С этого времени началось постоянное общение с Аксеновыми: помню здесь и ненадолго прилетевшего из Америки Майиного внука Ивана, широкоплечего обаятельного великана, увлеченно разговаривающего с дочерью Беллы Ахмадулиной Лизой. Это его посещение Москвы оказалось последним. В 1999 году он погиб при не совсем выясненных обстоятельствах, что послужило для Майи ужасным потрясением, от которого ей уже не суждено было оправиться.

Нередко мы приходили к Аксеновым со своим разноглазым зенненхундом Тилем. И Майя, и Василий обожали его и очень любили угощать. Однажды Василий скормил ему упаковку с сардельками. Тиль заглатывал сардельки мгновенно, так быстро, что Василий даже обиделся:

— Ну что же, он даже не жует, — сказал он расстроенно и потянулся за новым лакомством, но тут уж мы с Ирой чуть ли не схватили его за руку и прекратили это безобразие.

Майя тоже любила угостить Тиля. Не удивительно поэтому, что, случись нам проходить мимо двора высотки, пес упорно тянул войти в арку и дальше к их подъезду. Приходилось ему объяснять, что Майя с Васей уехали.

В высотке, в том крыле, что выходит на набережную Москвы-реки, располагался шикарный гастроном, в который мы с Ирой и с Тилем иногда сопровождали Майю и неразлучного с ней Пушкина. Я придумал почти цирковой номер с собаками, когда послушный и дисциплинированный Тиль, держа в зубах поводок Пушкина, вел его за собой, а Пушкин недовольно упирался.

Майя невесело смеялась.

После гибели внука она всегда находилась в подавленном состоянии, перестала следить за собой и, как следствие, больше не появлялась с Васей на людях.
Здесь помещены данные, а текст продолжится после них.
(* Let $0<\varepsilon<1/4$ and $3\varepsilon\le\delta\le1$ be real numbers, and let $m,k$ be positive integers with $k\le\delta m/4$. Set $r=(10/\varepsilon^2)\log(1/\varepsilon)$. Let $T_1,\dots,T_l$ be rooted trees, each on at most $t\le m/2$ vertices, such that every level set of every $T_i$ has at most $k$ vertices, and let $e_T=\sum_i e(T_i)$. Let $G$ be a balanced bipartite graph with $n$ vertices in each part and bipartite density $d_G$ (so $e(G)=d_Gn^2$), such that $d_Gn^2\ge e_T+(\delta+\varepsilon)n^2$. If $n\ge m\cdot\exp\big(r\log(1/(\delta+\varepsilon))\big)$, then $G$ contains pairwise edge-disjoint subgraphs isomorphic to $T_1,\dots,T_l$ respectively.
   Context: $\log$ is the natural logarithm. For a rooted tree with root $r$, $N^*(x)$ denotes the set of children of $x$; the level sets are $L_1=\{r\}$ and $L_{i+1}=\bigcup_{x\in L_i}N^*(x)$. A bipartite graph is balanced if its parts have equal size; the bipartite density of a bipartite graph with parts $A,B$ is $e(A,B)/(|A||B|)$. *)

From mathcomp Require Import all_boot all_order all_algebra.
From mathcomp Require Import all_classical all_reals all_analysis.
Set Implicit Arguments. Unset Strict Implicit. Unset Printing Implicit Defensive.

Definition edges (U : finType) (e : rel U) : {set {set U}} :=
  [set [set p.1; p.2] | p in [set p : U * U | e p.1 p.2]].

Definition is_tree (U : finType) (e : rel U) : Prop :=
  symmetric e /\ irreflexive e /\ (forall x y, connect e x y) /\
  #|edges e| = #|U| - 1.

Fixpoint reached (U : finType) (e : rel U) (r : U) (i : nat) : {set U} :=
  match i with
  | 0 => [set r]
  | i'.+1 => reached e r i' :|: [set y | [exists x in reached e r i', e x y]]
  end.

(* level_set e r i = L_{i+1} in the paper: L_1 = {r}, L_{i+1} = children of L_i. *)
Definition level_set (U : finType) (e : rel U) (r : U) (i : nat) : {set U} :=
  match i with
  | 0 => [set r]
  | i'.+1 => reached e r i'.+1 :\: reached e r i'
  end.

(* Balanced bipartite graph with parts 'I_n (left) and 'I_n (right), given by
   adj a b = "left vertex a adjacent to right vertex b". Vertex type: 'I_n + 'I_n. *)
Definition bip_adj (n : nat) (adj : 'I_n -> 'I_n -> bool) : rel ('I_n + 'I_n)%type :=
  fun u v => match u, v with
             | inl a, inr b => adj a b
             | inr b, inl a => adj a b
             | _, _ => false
             end.

Definition bip_edges (n : nat) (adj : 'I_n -> 'I_n -> bool) : nat :=
  #|[set p : 'I_n * 'I_n | adj p.1 p.2]|.

Definition embedding (U V : finType) (e : rel U) (g : rel V) (f : U -> V) : Prop :=
  injective f /\ forall x y, e x y -> g (f x) (f y).

Definition image_edges (U V : finType) (e : rel U) (f : U -> V) : {set {set V}} :=
  [set [set f p.1; f p.2] | p in [set p : U * U | e p.1 p.2]].

From mathcomp Require Import all_boot all_order all_algebra.
From mathcomp Require Import reals sequences exp.
From mathcomp Require Import zify ring lra.
Import Order.TTheory GRing.Theory Num.Theory.
Set Implicit Arguments. Unset Strict Implicit. Unset Printing Implicit Defensive.

(* The trees are packed greedily.  As long as the current graph has at least
   2nt edges, its average degree is at least 2t, so deleting vertices of
   degree < t one at a time leaves a nonempty subgraph of minimum degree >= t;
   a tree on at most t vertices embeds in it vertex by vertex, since each new
   leaf has a single already embedded neighbour, whose image has a free
   neighbour.  Delete the edges of the copy and continue with the next tree.
   The hypotheses give e(G) >= e_T + 2nt, because r >= 1 and delta + eps <= 1
   force n >= m / (delta + eps) >= 2t / (delta + eps). *)

Local Open Scope nat_scope.

Section Degree.
Variables (V : finType) (g : rel V).
Hypothesis gsym : symmetric g.
Hypothesis girr : irreflexive g.

Definition deg (W : {set V}) u := \sum_(v in W) (g u v : nat).
Definition deg_sum (W : {set V}) := \sum_(u in W) deg W u.

Lemma degD1 (W : {set V}) w : w \in W -> deg W w = deg (W :\ w) w.
Proof. by move=> wW; rewrite /deg (big_setD1 _ wW) /= girr add0n. Qed.

Lemma deg_sumD1 (W : {set V}) w : w \in W ->
  deg_sum W = deg_sum (W :\ w) + 2 * deg W w.
Proof.
move=> wW; rewrite /deg_sum (big_setD1 _ wW).
have -> : \sum_(u in W :\ w) deg W u =
          \sum_(u in W :\ w) ((g u w : nat) + deg (W :\ w) u).
  by apply: eq_bigr => u uW; rewrite /deg (big_setD1 _ wW).
rewrite big_split /=.
have -> : \sum_(u in W :\ w) (g u w : nat) = deg W w.
  by rewrite (degD1 wW) /deg; apply: eq_bigr => u _; rewrite gsym.
lia.
Qed.

(* Deleting a vertex of degree < d lowers deg_sum W + 2 |W| by at most 2d, so
   the hypothesis survives until no such vertex is left. *)
Lemma exists_min_deg_subset d (W : {set V}) :
  2 * d * #|W| < deg_sum W + 2 * #|W| ->
  exists2 W', W' != set0 & forall u, u \in W' -> d <= deg W' u.
Proof.
move: {2}#|W| (leqnn #|W|) => N; elim: N W => [|N IH] W hN h.
  have W0 : W = set0 by apply/eqP; rewrite -cards_eq0; lia.
  by move: h; rewrite W0 /deg_sum big_set0 cards0 muln0.
have [mindeg | ] := boolP [forall (u | u \in W), d <= deg W u].
  exists W; last exact/forall_inP.
  by apply: contraTneq h => ->; rewrite /deg_sum big_set0 cards0 muln0.
rewrite negb_forall_in => /exists_inP [w wW]; rewrite -ltnNge => hw.
apply: (IH (W :\ w)); first by move: hN; rewrite (cardsD1 w W) wW; lia.
by move: h; rewrite (deg_sumD1 wW) (cardsD1 w W) wW; nia.
Qed.

Lemma exists_nbr_notin (W : {set V}) u (A : {set V}) : #|A| < deg W u ->
  exists v, [/\ v \in W, g u v & v \notin A].
Proof.
move=> h; case: (pickP [pred v | (v \in W) && g u v && (v \notin A)]).
  by move=> v /= /andP [/andP [vW guv] vA]; exists v.
move=> none; suff : deg W u <= #|A| by lia.
rewrite /deg -sum1_card (big_mkcond (mem W)) (big_mkcond (mem A)) /=.
apply: leq_sum => v _.
by move: (none v) => /=; case: (v \in W); case: (g u v); case: (v \in A).
Qed.

End Degree.

Section Tree.
Variables (U : finType) (e : rel U).
Hypothesis tree : is_tree e.

Definition induced_edges (X : {set U}) := [set s in edges e | s \subset X].

(* In a tree the subgraph induced on X is a forest, so this says it is connected. *)
Definition subtree (X : {set U}) := #|X| <= #|induced_edges X| + 1.

Lemma in_edges x y : e x y -> [set x; y] \in edges e.
Proof. by move=> h; apply/imsetP; exists (x, y) => //; rewrite inE. Qed.

Lemma connect_exit a b (X : {set U}) : connect e a b -> a \in X -> b \notin X ->
  exists x y, [/\ x \in X, y \notin X & e x y].
Proof.
move=> /connectP [p pth ->]; elim: p a pth => [|c p IH] a /=; first by move=> _ ->.
move=> /andP [eac pth] aX bX.
case cX: (c \in X); first exact: (IH c pth cX bX).
by exists a, c; rewrite cX.
Qed.

Lemma exists_exit_edge (X : {set U}) : X != set0 -> X != setT ->
  exists x y, [/\ x \in X, y \notin X & e x y].
Proof.
case/set0Pn => a aX; rewrite eqEsubset subsetT /= => /subsetPn [b _ bX].
by have [_ [_ [conn _]]] := tree; apply: connect_exit (conn a b) aX bX.
Qed.

Lemma induced_edges_sub X : induced_edges X \subset edges e.
Proof. by apply/subsetP => s; rewrite inE => /andP []. Qed.

Lemma card_induced_edges_grow (X : {set U}) y (S : {set {set U}}) : y \notin X ->
  S \subset edges e -> (forall s, s \in S -> (y \in s) && (s \subset y |: X)) ->
  #|induced_edges X| + #|S| <= #|induced_edges (y |: X)|.
Proof.
move=> yX SE hS.
have dis : induced_edges X :&: S = set0.
  apply/setP => s; rewrite !inE; apply/negbTE/negP => /andP [/andP [_ sX] sS].
  by move: (hS s sS) => /andP [ys _]; move: yX; rewrite (subsetP sX y ys).
rewrite -cardsUI dis cards0 addn0; apply: subset_leq_card.
apply/subsetP => s; rewrite !inE => /orP [/andP [sE sX] | sS].
  by rewrite sE /=; apply: (subset_trans sX); exact: subsetU1.
by move: (hS s sS) => /andP [_ ->]; rewrite (subsetP SE s sS).
Qed.

Lemma card_induced_edges_add1 (X : {set U}) x y : x \in X -> y \notin X -> e x y ->
  #|induced_edges X| + 1 <= #|induced_edges (y |: X)|.
Proof.
move=> xX yX exy; rewrite -(cards1 [set x; y]).
apply: card_induced_edges_grow => //; first by rewrite sub1set in_edges.
move=> s; rewrite inE => /eqP ->; rewrite !inE eqxx orbT /=.
by apply/subsetP => z; rewrite !inE => /orP [/eqP -> | /eqP ->]; rewrite ?xX ?eqxx ?orbT.
Qed.

Lemma card_induced_edges_compl (X : {set U}) : X != set0 ->
  #|induced_edges X| + (#|U| - #|X|) <= #|edges e|.
Proof.
move: {2}(#|U| - #|X|) (leqnn (#|U| - #|X|)) => k.
elim: k X => [|k IH] X hk X0.
  have := subset_leq_card (induced_edges_sub X); lia.
have [XT | XnT] := eqVneq X setT.
  by rewrite XT cardsT subnn addn0; exact: subset_leq_card (induced_edges_sub _).
have [x [y [xX yX exy]]] := exists_exit_edge X0 XnT.
have grow := card_induced_edges_add1 xX yX exy.
have cU : #|y |: X| = #|X|.+1 by rewrite cardsU1 yX.
have := max_card (mem (y |: X)); rewrite cU => XltU.
have := IH (y |: X); rewrite cU -card_gt0 cU; lia.
Qed.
На тумбочке в спальне вперемешку валялись российские и переводные детективы, которые она заглатывала, отвлекаясь от неизбывной скорби по Ивану.

 

Василий Аксенов, Майя, ее внук Иван Трунини, дочь Алена

Иногда Майя позволяла Васе уговорить ее спуститься в ресторанчик на первом этаже высотки, где раза два или три и мы с Ирой к ним присоединялись…

10 сентября 2005-го я остался один, Ира после восьмилетней борьбы с раком рухнула в один день.

У Василия в это время вышла очередная книга «Зеница ока», которую он подарил мне со следующей надписью: «Вите — в эти горькие, и для него, и для нас, дни. Мужайся! 05.10.05. В. Аксенов».

Теперь я приходил к Аксеновым один, иногда с Тилем. Майя всегда озабочена была тем, чтобы накормить меня. А потом у нее вдруг появилась навязчивая идея, что мне нужно обязательно жениться, что нельзя оставаться одному.

Ее стали интересовать мои приятельские отношения с женщинами, которые она рассматривала теперь именно с этой точки зрения.

Но жизнь продолжалась, и мне приходилось приспосабливаться к своему одиночеству…

Продолжалась жизнь и у Аксеновых. В двадцатых числах декабря 2006 года Василий улетел в Биарриц. Новый 2007 год я встречал вместе с Майей, оставшейся в Москве. Пришел к ней с моим сыном Мишей около одиннадцати. Под бой курантов выпили шампанского, и Миша умчался в свою студенческую компанию. У Майи было приготовлено какое-то невероятное жаркое из баранины. Бутылки пустели одна за другой — она все время требовала открывать новую. Немудрено, что в четвертом часу сон сморил ее. Ключи от их квартиры у меня имелись, и я смог уйти.

Василий, выслушавший от меня на следующий день эту историю по телефону, был очень недоволен. Он волновался за Майю. Сам давно уже пил очень умеренно: один-два бокала сухого красного.

Как драматически прошел у Майи с Васей 2007 год я поведал в другой части своих воспоминаний. Здесь расскажу о его юбилейном, 75-м дне рождения. 20 августа 2007 года Василий предпочел встретить в Биаррице. Гостей было трое: я и чета Тимаковых, живущая неподалеку.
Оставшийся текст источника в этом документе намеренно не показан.